(* Let $n\geqslant2$, $m\geqslant1$, let $\tau$ be a cuspidal $\mathrm{R}$-representation of $\mathrm{GL}_n(k_\mathrm{F})$, and let $g\in\mathcal{C}_n$ be a matrix which is not diagonal. Then $$\mathrm{Hom}_{\mathrm{R}[\overline{\mathrm{K}_n\cap g\mathrm{K}_n(m)g^{-1}}]}(1,\tau)=0.$$
   Context: $\mathrm{F}$ non-archimedean local field, ring of integers $\mathfrak{o}_\mathrm{F}$, maximal ideal $\mathfrak{p}_\mathrm{F}=\varpi_\mathrm{F}\mathfrak{o}_\mathrm{F}$, normalized valuation $\mathrm{val}_\mathrm{F}$, residue field $k_\mathrm{F}$ of characteristic $p$. $\mathrm{R}$ algebraically closed of characteristic $\ell\neq p$. $\mathrm{K}_n=\mathrm{GL}_n(\mathfrak{o}_\mathrm{F})$, $\mathrm{K}_n^1=1+\mathrm{M}_n(\mathfrak{p}_\mathrm{F})$; for a subgroup $H\subseteq\mathrm{K}_n$, $\overline H$ is its image in $\mathrm{K}_n/\mathrm{K}_n^1=\mathrm{GL}_n(k_\mathrm{F})$. For $m\geqslant1$, $\mathrm{K}_n(m)=\{\left(\begin{smallmatrix}a&b\\c&d\end{smallmatrix}\right)\in\mathrm{K}_n: c\in\mathrm{M}_{1\times(n-1)}(\mathfrak{p}_\mathrm{F}^m),\ d\in1+\mathfrak{p}_\mathrm{F}^m\}$. Cuspidal representation of $\mathrm{GL}_n(k_\mathrm{F})$: irreducible with no nonzero vectors fixed by the unipotent radical of any proper parabolic subgroup. $\mathcal{C}_n$ is the set of matrices $$\begin{pmatrix}\varpi_\mathrm{F}^{\alpha_{n-1}}&&&&\\ &\varpi_\mathrm{F}^{\alpha_{n-2}}&&&\\ &&\ddots&&\\ &&&\varpi_\mathrm{F}^{\alpha_1}&\\ \tilde v_{n-1}&\tilde v_{n-2}&\cdots&\tilde v_1&1\end{pmatrix}$$ with integers $0\leqslant\alpha_1\leqslant\dots\leqslant\alpha_{n-1}$, $v_i\in\mathfrak{o}_\mathrm{F}/\mathfrak{p}_\mathrm{F}^m$ with fixed lifts $\tilde v_i\in\mathfrak{o}_\mathrm{F}$ ($\tilde 0=0$), and for each $i$ either $\tilde v_i=0$ or $\mathrm{val}_\mathrm{F}(\tilde v_i)<\alpha_i$. *)

From HB Require Import structures.
From mathcomp Require Import all_boot all_order all_algebra all_fingroup.
From mathcomp Require Import mxrepresentation.
Set Implicit Arguments. Unset Strict Implicit. Unset Printing Implicit Defensive.
Import Order.TTheory GRing.Theory Num.Theory.
Local Open Scope ring_scope.

Section LocalField.
Variables (F : fieldType) (val : F -> int).

(* "val_F(x) >= c", with the convention val_F(0) = +oo. *)
Definition vge (x : F) (c : int) : bool := (x == 0) || (c <= val x).

(* F is a non-archimedean local field with normalized valuation val
   (the value of val at 0 is irrelevant), and residue field k, realised by the
   reduction map red : o_F -> k_F (values of red outside o_F are irrelevant). *)
Record is_nalocal_field (k : finFieldType) (red : F -> k) : Prop := {
  val_mul : forall x y, x != 0 -> y != 0 -> val (x * y) = val x + val y;
  val_ultra : forall x y (c : int), vge x c -> vge y c -> vge (x + y) c;
  val_normalized : exists x, x != 0 /\ val x = 1;
  val_complete : forall u : nat -> F,
      (forall c : int, exists M, forall i j, (M <= i)%N -> (M <= j)%N ->
          vge (u i - u j) c) ->
      exists l, forall c : int, exists M, forall i, (M <= i)%N -> vge (u i - l) c;
  red_add : forall x y, vge x 0 -> vge y 0 -> red (x + y) = red x + red y;
  red_mul : forall x y, vge x 0 -> vge y 0 -> red (x * y) = red x * red y;
  red_one : red 1 = 1;
  red_ker : forall x, vge x 0 -> (red x == 0) = vge x 1;
  red_surj : forall a : k, exists x, vge x 0 /\ red x = a
}.

(* Rep = the set of fixed lifts to o_F of the elements of o_F / p_F^m,
   with the lift of 0 equal to 0. *)
Definition lift_system (m : nat) (Rep : F -> Prop) : Prop :=
  [/\ forall r, Rep r -> vge r 0,
      Rep 0,
      forall x, vge x 0 -> exists r, Rep r /\ vge (x - r) m%:Z &
      forall r1 r2, Rep r1 -> Rep r2 -> vge (r1 - r2) m%:Z -> r1 = r2].

Variable N : nat.

(* K_n = GL_n(o_F) *)
Definition inK (A : 'M[F]_N.+1) : Prop :=
  (forall i j, vge (A i j) 0) /\ \det A != 0 /\ val (\det A) = 0.

Definition inKm (m : nat) (A : 'M[F]_N.+1) : Prop :=
  [/\ inK A,
      forall j : 'I_N.+1, j != ord_max -> vge (A ord_max j) m%:Z &
      vge (A ord_max ord_max - 1) m%:Z].

(* The matrix of C_n with parameters alpha_1..alpha_{n-1}, vt_1..vt_{n-1}
   (here n = N.+1; indices 0 of alpha and vt are unused). *)
Definition Cmat (w : F) (alpha : nat -> nat) (vt : nat -> F) : 'M[F]_N.+1 :=
  \matrix_(i, j)
    if (i < N)%N then (if i == j then w ^+ alpha (N - i)%N else 0)
    else (if (j == N :> nat) then 1 else vt (N - j)%N).

(* g belongs to C_n (w is the fixed uniformizer, Rep the fixed lifts) *)
Definition inCn (w : F) (m : nat) (Rep : F -> Prop) (g : 'M[F]_N.+1) : Prop :=
  exists (alpha : nat -> nat) (vt : nat -> F),
    [/\ forall i, (1 <= i)%N -> (i < N)%N -> (alpha i <= alpha i.+1)%N,
        forall i, (1 <= i <= N)%N ->
          Rep (vt i) /\ (vt i = 0 \/ val (vt i) < (alpha i)%:Z) &
        g = Cmat w alpha vt].

End LocalField.

Section Cuspidal.
Variables (n : nat) (k : finFieldType) (R : fieldType).

(* Block index of i for the composition of n with break points S
   (a block starts at each s in S with s > 0). *)
Definition blk (S : {set 'I_n.-1.+1}) (i : 'I_n.-1.+1) : nat :=
  #|[set s in S | (0 < s)%N && (s <= i)%N]|.

(* Unipotent radical of the standard parabolic subgroup attached to S:
   block upper unitriangular matrices. *)
Definition stdUnip (S : {set 'I_n.-1.+1}) : {set {'GL_n[k]}} :=
  [set x : {'GL_n[k]} | [forall i, forall j,
      (GLval x i j == (i == j)%:R) || (blk S i < blk S j)%N]].

(* Cuspidal: irreducible, and no nonzero vector fixed by the unipotent radical
   of any proper parabolic subgroup (= any GL_n(k)-conjugate of a standard
   one with at least one break point). *)
Definition cuspidal d (rho : mx_representation R 'GL_n[k] d) : Prop :=
  mx_irreducible rho /\
  forall (S : {set 'I_n.-1.+1}) (h : {'GL_n[k]}),
    (exists2 s, s \in S & (0 < s)%N) ->
    forall v : 'rV[R]_d,
      (forall u, u \in stdUnip S -> v *m rho (u ^ h)%g = v) -> v = 0.

End Cuspidal.

From HB Require Import structures.
From mathcomp Require Import all_boot all_order all_algebra all_fingroup.
From mathcomp Require Import mxrepresentation zify ring.
Set Implicit Arguments. Unset Strict Implicit. Unset Printing Implicit Defensive.
Import Order.TTheory GRing.Theory Num.Theory.
Local Open Scope ring_scope.

(* Index rows and columns by 0..N (N = n - 1) and let j < N be the last column in which
   the bottom row of g has a nonzero entry vt_(N-j); it exists because g is not diagonal.
   The reduction of K_n ∩ g K_n(m) g^-1 contains every elementary matrix 1 + c E_pq with
   p > j >= q.  For p < N, g^-1 (1 + x E_pq) g = 1 + x ϖ^(α_(N-q) - α_(N-p)) E_pq since the
   α_i increase.  For p = N the bottom row of g gets in the way, and one conjugates instead
   1 + y E_jq + x E_Nq with y = x ϖ^(α_(N-j)) / vt_(N-j), whose extra entry y lies in p_F
   because val vt_(N-j) < α_(N-j).  These elementary matrices generate the unipotent radical
   of a proper parabolic subgroup of GL_n(k_F) (lower block triangular, conjugate to a
   standard one by the order-reversing permutation), so cuspidality kills the fixed vector. *)

Section Valuation.
Variables (F : fieldType) (val : F -> int) (k : finFieldType) (red : F -> k).
Hypothesis hF : is_nalocal_field val red.
Local Notation vge := (vge val).

Lemma val_one : val 1 = 0.
Proof.
have := val_mul hF (oner_neq0 F) (oner_neq0 F).
by rewrite mulr1 -{1}[val 1]addr0 => /addrI.
Qed.

Lemma valV x : x != 0 -> val x^-1 = - val x.
Proof.
move=> x0; have := val_mul hF x0 (invr_neq0 x0); rewrite mulfV // val_one; lia.
Qed.

Lemma valN1 : val (-1) = 0.
Proof.
have n1 : (-1 : F) != 0 by rewrite oppr_eq0 oner_neq0.
have := val_mul hF n1 n1; rewrite mulrNN mulr1 val_one; lia.
Qed.

Lemma valX x e : x != 0 -> val (x ^+ e) = e%:Z * val x.
Proof.
move=> x0; elim: e => [|e IH]; first by rewrite expr0 val_one mul0r.
by rewrite exprS (val_mul hF) ?expf_neq0 // IH intS mulrDl mul1r.
Qed.

Lemma vge0 c : vge 0 c. Proof. by rewrite /vge eqxx. Qed.

Lemma vgeW x c c' : c' <= c -> vge x c -> vge x c'.
Proof.
by rewrite /vge => le_c'c /predU1P[->|/(le_trans le_c'c)->]; rewrite ?eqxx ?orbT.
Qed.

Lemma vgeD x y c : vge x c -> vge y c -> vge (x + y) c.
Proof. exact: (val_ultra hF). Qed.

Lemma vgeM x y c1 c2 : vge x c1 -> vge y c2 -> vge (x * y) (c1 + c2).
Proof.
rewrite /vge mulf_eq0; have [//|x0] := eqVneq x 0; have [//|y0] := eqVneq y 0.
by rewrite /= (val_mul hF) //; apply: lerD.
Qed.

Lemma vgeN x c : vge x c -> vge (- x) c.
Proof.
move=> xc; rewrite -mulN1r -[c]add0r; apply: vgeM xc.
by rewrite /vge valN1 lexx orbT.
Qed.

Lemma vge_natb (b : bool) : vge b%:R 0.
Proof. by case: b; rewrite /vge ?val_one ?eqxx ?orbT. Qed.

Lemma vge_sum (I : Type) (r : seq I) (P : pred I) (f : I -> F) c :
  (forall i, P i -> vge (f i) c) -> vge (\sum_(i <- r | P i) f i) c.
Proof.
move=> fc; apply: (big_ind (vge^~ c)) => //; first exact: vge0.
by move=> x y; apply: vgeD.
Qed.

Lemma add1_vge1_unit y : vge y 1 -> 1 + y != 0 /\ val (1 + y) = 0.
Proof.
move=> y1; have y0 : vge y 0 by apply: vgeW y1.
have y1_0 : vge (1 + y) 0 by apply: vgeD; rewrite ?(vge_natb true).
have nz : 1 + y != 0.
  by apply: contraTN y1 => /eqP/addr0_eq<-; rewrite /vge oppr_eq0 oner_eq0 valN1.
split=> //; move: y1_0; rewrite /vge (negbTE nz) /= => val_ge0.
apply/eqP; rewrite eq_le val_ge0 andbT leNgt; apply/negP => val_gt0.
have : vge ((1 + y) - y) 1 by apply: vgeD; [apply/orP; right; lia | exact: vgeN].
by rewrite addrK /vge oner_eq0 val_one.
Qed.

Lemma red0 : red 0 = 0.
Proof. by apply/eqP; rewrite (red_ker hF (vge0 0)) vge0. Qed.

Lemma red_vge1 y : vge y 1 -> red y = 0.
Proof. by move=> y1; apply/eqP; rewrite (red_ker hF) //; apply: vgeW y1. Qed.

Lemma red_natb (b : bool) : red b%:R = b%:R.
Proof. by case: b; rewrite ?(red_one hF) ?red0. Qed.

End Valuation.

Section ElementaryMatrix.
Variables (R : comNzRingType) (n : nat).
Implicit Types (a b i j : 'I_n) (A : 'M[R]_n).

Definition elem_mx a b (c : R) : 'M[R]_n := 1%:M + c *: delta_mx a b.

Lemma elem_mxE a b c i j :
  elem_mx a b c i j = (i == j)%:R + c * ((i == a) && (j == b))%:R.
Proof. by rewrite !mxE. Qed.

Lemma elem_mx0 a b : elem_mx a b 0 = 1%:M.
Proof. by rewrite /elem_mx scale0r addr0. Qed.

Lemma elem_mxD a b c c' : a != b ->
  elem_mx a b (c + c') = elem_mx a b c *m elem_mx a b c'.
Proof.
move=> ab; rewrite /elem_mx mulmxDl mul1mx mulmxDr mulmx1 -scalemxAl -scalemxAr.
by rewrite mul_delta_mx_0 1?eq_sym // !scaler0 addr0 scalerDl addrAC addrA.
Qed.

Lemma tr_elem_mx a b c : (elem_mx a b c)^T = elem_mx b a c.
Proof. by rewrite /elem_mx linearD /= tr_scalar_mx linearZ /= trmx_delta. Qed.

Lemma mul_elem_mx_l a b c A i j :
  (elem_mx a b c *m A) i j = A i j + (i == a)%:R * (c * A b j).
Proof.
rewrite mulmxDl mul1mx -scalemxAl !mxE (bigD1 b) //= big1 ?addr0.
  by rewrite mxE eqxx andbT mulrCA.
by move=> l /negbTE lb; rewrite mxE lb andbF mul0r.
Qed.

Lemma mul_elem_mx_r a b c A i j :
  (A *m elem_mx a b c) i j = A i j + A i a * c * (j == b)%:R.
Proof.
rewrite mulmxDr mulmx1 -scalemxAr !mxE (bigD1 a) //= big1 ?addr0.
  by rewrite mxE eqxx /= mulrCA mulrA.
by move=> l /negbTE la; rewrite mxE la mulr0.
Qed.

Lemma det_elem_mx a b c : \det (elem_mx a b c) = if a == b then 1 + c else 1.
Proof.
wlog le_ba : a b / (b <= a)%N.
  move=> lower; have [/lower//|/ltnW le_ab] := leqP b a.
  by rewrite -det_tr tr_elem_mx lower // eq_sym.
rewrite det_trig; last first.
  apply/is_trig_mxP => i j lt_ij; rewrite elem_mxE.
  have /negbTE-> : i != j by apply: contraTneq lt_ij => ->; rewrite ltnn.
  case: (eqVneq i a) => [ia|]; case: (eqVneq j b) => [jb|] /=; rewrite ?mulr0 ?addr0 //.
  by move: lt_ij; rewrite ia jb ltnNge le_ba.
under eq_bigr => i _ do rewrite elem_mxE eqxx.
case: eqVneq => [<-|ab].
  rewrite (bigD1 a) //= eqxx big1 ?mulr1 // => i /negbTE ia.
  by rewrite ia mulr0 addr0.
rewrite big1 // => i _; case: (eqVneq i a) => [->|]; last by rewrite mulr0 addr0.
by rewrite (negbTE ab) mulr0 addr0.
Qed.

End ElementaryMatrix.

Section IntegralMatrices.
Variables (F : fieldType) (val : F -> int) (k : finFieldType) (red : F -> k).
Hypothesis hF : is_nalocal_field val red.
Variable N : nat.
Local Notation vge := (vge val).
Implicit Types (A B : 'M[F]_N.+1) (a b : 'I_N.+1).

Definition integral_mx A := forall i j, vge (A i j) 0.

Lemma integral_mulmx A B : integral_mx A -> integral_mx B -> integral_mx (A *m B).
Proof.
move=> intA intB i j; rewrite mxE; apply: (vge_sum hF) => l _.
by rewrite -[0]addr0; apply: (vgeM hF).
Qed.

Lemma integral_elem_mx a b c : vge c 0 -> integral_mx (elem_mx a b c).
Proof.
move=> c0 i j; rewrite elem_mxE; apply: (vgeD hF); first exact: (vge_natb hF).
by rewrite -[0]addr0; apply: (vgeM hF) => //; apply: (vge_natb hF).
Qed.

Lemma inK_mulmx A B : inK val A -> inK val B -> inK val (A *m B).
Proof.
move=> [intA [detA0 valA]] [intB [detB0 valB]]; split; first exact: integral_mulmx.
by rewrite det_mulmx mulf_neq0 // (val_mul hF) // valA valB.
Qed.

Lemma inK_elem_mx a b c : vge c 0 -> (a == b -> vge c 1) -> inK val (elem_mx a b c).
Proof.
move=> c0 c1; split; first exact: integral_elem_mx.
rewrite det_elem_mx; case: (eqVneq a b) => [ab|_].
  by apply: (add1_vge1_unit hF); apply/c1/eqP.
by rewrite oner_eq0 (val_one hF).
Qed.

→ **What needs to be done**:
Reproduce the entries above exactly, but only the lines between the line holding "by rewrite (negbTE ab) mulr0 addr0." and the line holding "move=> c0 i", inclusive.

→ **Solution to this exercise**:
by rewrite (negbTE ab) mulr0 addr0.
Qed.

End ElementaryMatrix.

Section IntegralMatrices.
Variables (F : fieldType) (val : F -> int) (k : finFieldType) (red : F -> k).
Hypothesis hF : is_nalocal_field val red.
Variable N : nat.
Local Notation vge := (vge val).
Implicit Types (A B : 'M[F]_N.+1) (a b : 'I_N.+1).

Definition integral_mx A := forall i j, vge (A i j) 0.

Lemma integral_mulmx A B : integral_mx A -> integral_mx B -> integral_mx (A *m B).
Proof.
move=> intA intB i j; rewrite mxE; apply: (vge_sum hF) => l _.
by rewrite -[0]addr0; apply: (vgeM hF).
Qed.

Lemma integral_elem_mx a b c : vge c 0 -> integral_mx (elem_mx a b c).
Proof.
move=> c0 i j; rewrite elem_mxE; apply: (vgeD hF); first exact: (vge_natb hF).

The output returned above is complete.